解析爲何使用Jsoup比使用本網站<a href="http://www.flashscore.com/nhl/" rel="nofollow noreferrer">http://www.flashscore.com/nhl/</a>上的瀏覽器

我的網站的時候，我試圖提取「今天的比賽」表的鏈接HTML代碼是不同的。解析爲何使用Jsoup比使用本網站<a href="http://www.flashscore.com/nhl/" rel="nofollow noreferrer">http://www.flashscore.com/nhl/</a>上的瀏覽器

我用下面的代碼嘗試，但它不工作，你能指出其中的錯誤是什麼？

final Document page = Jsoup 
    .connect("http://d.flashscore.com/x/feed/t_4_200_G2Op923t_1_en_1") 
    .cookie("_ga","GA1.2.47011772.1485726144") 
    .referrer("http://d.flashscore.com/x/feed/proxy-local") 
    .userAgent("Mozilla/5.0 (Windows NT 10.0; Win64; x64) AppleWebKit/537.36 (KHTML, like Gecko) Chrome/56.0.2924.87 Safari/537.36") 
    .header("X-Fsign", "SW9D1eZo") 
    .header("X-GeoIP", "1") 
    .header("X-Requested-With", "XMLHttpRequest") 
    .header("Accept" , "*/*") 
    .get(); 

for (Element game : page.select("table.hockey tr")) { 
Elements links = game.getElementsByClass("tr-first stage-finished"); 
for (Element link : links) { 
    String linkHref = link.attr("href"); 
    String linkText = link.text(); 
} 
}

要嘗試修復它，我開始調試它。
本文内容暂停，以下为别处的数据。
(* Let $G=(N,A)$ be a directed graph with arc capacities $u_{ij}\ge0$, and suppose there is a single commodity ($K=\{1\}$) with origin $O(1)$ and destination $D(1)$. Fix $\bar y\in\{0,1\}^{|A|}$ and a scenario $\bar s$ with demand $d^1(\omega_{\bar s})\ge0$, and assume $\bar y$ is not feasible for $\bar s$. Let $\mathcal C$ be the set of all $(O(1),D(1))$ cuts in $G$ and let $$C^*_{\mathrm{SNC}}\in\arg\max_{C\in\mathcal C}\frac{d^1(\omega_{\bar s})-\sum_{(i,j)\in C}u_{ij}\bar y_{ij}}{|C|+1}.$$ Then there is an optimal solution $(\mu^*,\pi^*,\lambda^* )$ of the SNC dual program at $(\bar y,\omega_{\bar s})$ whose derived feasibility cut $d^1(\omega_{\bar s})\lambda^{1*}-\sum_{(i,j)\in A}u_{ij}\pi^*_{ij}y_{ij}\le0$ (in variables $y$) is equivalent to $$\sum_{(i,j)\in C^*_{\mathrm{SNC}}}u_{ij}y_{ij}\ge d^1(\omega_{\bar s}).$$
   Context: Admissible arcs for commodity 1: $A^1=\{(i,j)\in A: j\neq O(1),\ i\neq D(1)\}$. Feasibility: $\bar y$ is feasible for scenario $\bar s$ if there exist flows $x^1_{ij}\ge0$, $(i,j)\in A^1$, with flow conservation at every $i\notin\{O(1),D(1)\}$, capacities $x^1_{ij}\le u_{ij}\bar y_{ij}$, and inflow into $D(1)$ at least $d^1(\omega_{\bar s})$. An $(O(1),D(1))$ cut is an arc set $\{(i,j)\in A: i\in W, j\notin W\}$ for some $W\subseteq N$ with $O(1)\in W$, $D(1)\notin W$. The SNC dual program at $(y,\omega)$: maximize $d^1(\omega)\lambda^1-\sum_{(i,j)\in A}u_{ij}y_{ij}\pi_{ij}$ over $\mu^1_i$ free ($i\in N$), $\pi_{ij}\ge0$, $\lambda^1\ge0$, subject to $\mu^1_{O(1)}=0$, $\mu^1_{D(1)}=\lambda^1$, $\pi_{ij}\ge\mu^1_j-\mu^1_i$ for all $(i,j)\in A^1$, and $\sum_{(i,j)\in A}\pi_{ij}+\lambda^1\le1$. ''Equivalent'' means the two inequalities define the same set of $y$ (they coincide up to a positive scalar multiple). *)

From mathcomp Require Import all_boot all_order all_algebra.
Set Implicit Arguments. Unset Strict Implicit. Unset Printing Implicit Defensive.
Import Order.TTheory GRing.Theory Num.Theory.
Local Open Scope ring_scope.

Section SNC.
Variables (R : realFieldType) (N : finType).
Variable A : {set N * N}.
Variables (u : N * N -> R) (O D : N).

Definition adm (a : N * N) : bool := [&& a \in A, a.2 != O & a.1 != D].

Definition feasible (ybar : N * N -> bool) (d : R) : Prop :=
  exists x : N * N -> R,
    [/\ (forall a, adm a -> 0 <= x a),
        (forall i, i != O -> i != D ->
           \sum_(a in A | adm a && (a.2 == i)) x a
           = \sum_(a in A | adm a && (a.1 == i)) x a),
        (forall a, adm a -> x a <= u a * (ybar a)%:R) &
        d <= \sum_(a in A | adm a && (a.2 == D)) x a].

Definition cut_of (W : {set N}) : {set N * N} :=
  [set a in A | (a.1 \in W) && (a.2 \notin W)].

Definition is_OD_cut (C : {set N * N}) : Prop :=
  exists W : {set N}, [/\ O \in W, D \notin W & C = cut_of W].

Definition cut_ratio (ybar : N * N -> bool) (d : R) (C : {set N * N}) : R :=
  (d - \sum_(a in C) u a * (ybar a)%:R) / (#|C|%:R + 1).

Definition is_argmax_cut (ybar : N * N -> bool) (d : R) (C : {set N * N}) : Prop :=
  is_OD_cut C /\
  forall C', is_OD_cut C' -> cut_ratio ybar d C' <= cut_ratio ybar d C.

Definition dual_feasible (mu : N -> R) (pi : N * N -> R) (lam : R) : Prop :=
  [/\ mu O = 0 /\ mu D = lam, 0 <= lam,
      (forall a, a \in A -> 0 <= pi a),
      (forall a, adm a -> mu a.2 - mu a.1 <= pi a) &
      \sum_(a in A) pi a + lam <= 1].

Definition dual_obj (y : N * N -> R) (d : R) (pi : N * N -> R) (lam : R) : R :=
  d * lam - \sum_(a in A) u a * y a * pi a.

Definition dual_optimal (y : N * N -> R) (d : R)
  (mu : N -> R) (pi : N * N -> R) (lam : R) : Prop :=
  dual_feasible mu pi lam /\
  forall mu' pi' lam', dual_feasible mu' pi' lam' ->
    dual_obj y d pi' lam' <= dual_obj y d pi lam.

End SNC.

From mathcomp Require Import all_boot all_order all_algebra.
From mathcomp Require Import lra zify.
Import Order.TTheory GRing.Theory Num.Theory.
Local Open Scope ring_scope.

(* The cut C* = delta(W* ) yields the dual solution with lambda = 1/(|C*| + 1), pi
   equal to lambda on C* and 0 elsewhere, and mu equal to 0 on W* and lambda
   off W*; its objective is the ratio r of C*, and its feasibility cut is the
   cut-set inequality of C* scaled by lambda.  It is optimal by weak duality:
   maximality of r says that with capacities u ybar + r every cut has capacity
   at least d - r, so by max-flow/min-cut some flow of value d - r respects
   them, and pairing it with any dual solution bounds that solution's objective
   by r.  Infeasibility of ybar gives, again by max-flow/min-cut, a cut of
   capacity below d, whence r >= 0.  Max-flow/min-cut holds over any ordered
   field; it is proved by induction, deleting, lowering or contracting arcs. *)

Set Implicit Arguments. Unset Strict Implicit. Unset Printing Implicit Defensive.

Section MaxFlowMinCut.
Variables (R : realFieldType) (N E : finType) (s t : N).
Hypothesis s_neq_t : s != t.

Implicit Types (tl hd : E -> N) (c f : E -> R) (W : {set N}) (d : R).

Definition flow_at (h : E -> N) f v := \sum_(x | h x == v) f x.

Definition flow_value tl hd f := flow_at hd f t - flow_at tl f t.

Definition cut_capacity tl hd c W := \sum_(x | (tl x \in W) && (hd x \notin W)) c x.

Definition conserves tl hd f :=
  forall v, v != s -> v != t -> flow_at hd f v = flow_at tl f v.

Definition is_flow tl hd c f := (forall x, 0 <= f x <= c x) /\ conserves tl hd f.

Definition admits_flow tl hd c d :=
  exists2 f, is_flow tl hd c f & d <= flow_value tl hd f.

Definition cuts_exceed tl hd c d :=
  forall W, s \in W -> t \notin W -> d <= cut_capacity tl hd c W.

Lemma sum_update (P : pred E) f e a :
  \sum_(x | P x) [eta f with e |-> a] x =
  \sum_(x | P x) f x + (if P e then a - f e else 0).
Proof.
case: (boolP (P e)) => Pe /=; last first.
  by rewrite addr0; apply: eq_bigr => x Px /=; case: eqP => // xe; rewrite -xe Px in Pe.
rewrite (bigD1 e) //= [in RHS](bigD1 e) //= eqxx.
rewrite (eq_bigr f); last by move=> x /andP[_ /negbTE ->].
lra.
Qed.

Lemma flow_at_update h f e a v :
  flow_at h [eta f with e |-> a] v = flow_at h f v + (if h e == v then a - f e else 0).
Proof. exact: sum_update. Qed.

Lemma cut_capacity_update tl hd c e a W :
  cut_capacity tl hd [eta c with e |-> a] W =
  cut_capacity tl hd c W + (if (tl e \in W) && (hd e \notin W) then a - c e else 0).
Proof. exact: sum_update. Qed.

Lemma update_gt0 c e a x : a <= c e -> 0 < [eta c with e |-> a] x -> 0 < c x.
Proof. by move=> ace /=; case: eqP => [-> a_gt0|//]; apply: lt_le_trans ace. Qed.

Lemma update_ge0 c e a : (forall x, 0 <= c x) -> 0 <= a -> forall x, 0 <= [eta c with e |-> a] x.
Proof. by move=> c_ge0 a_ge0 x /=; case: eqP. Qed.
它顯示我們得到的頁面（如果我們正在得到一種奇怪的HTML）。之後，調試顯示for循環甚至沒有啓動。我試圖將page.select（「」）部分更改爲不同的部分（如getElementByAttribute等），但我剛剛開始學習網頁抓取，因此我需要熟悉這些方法來瀏覽文檔。我應該如何提取這些數據？

來源

2017-04-10 Armin Beda

至於說意見，這個網站需要以建立一個鏈接元素來執行一些JavaScript。 Jsoup只解析HTML，它不運行任何JS，並且如果您從瀏覽器獲得或者您從Jsoup獲得，則不會看到相同的HTML源代碼。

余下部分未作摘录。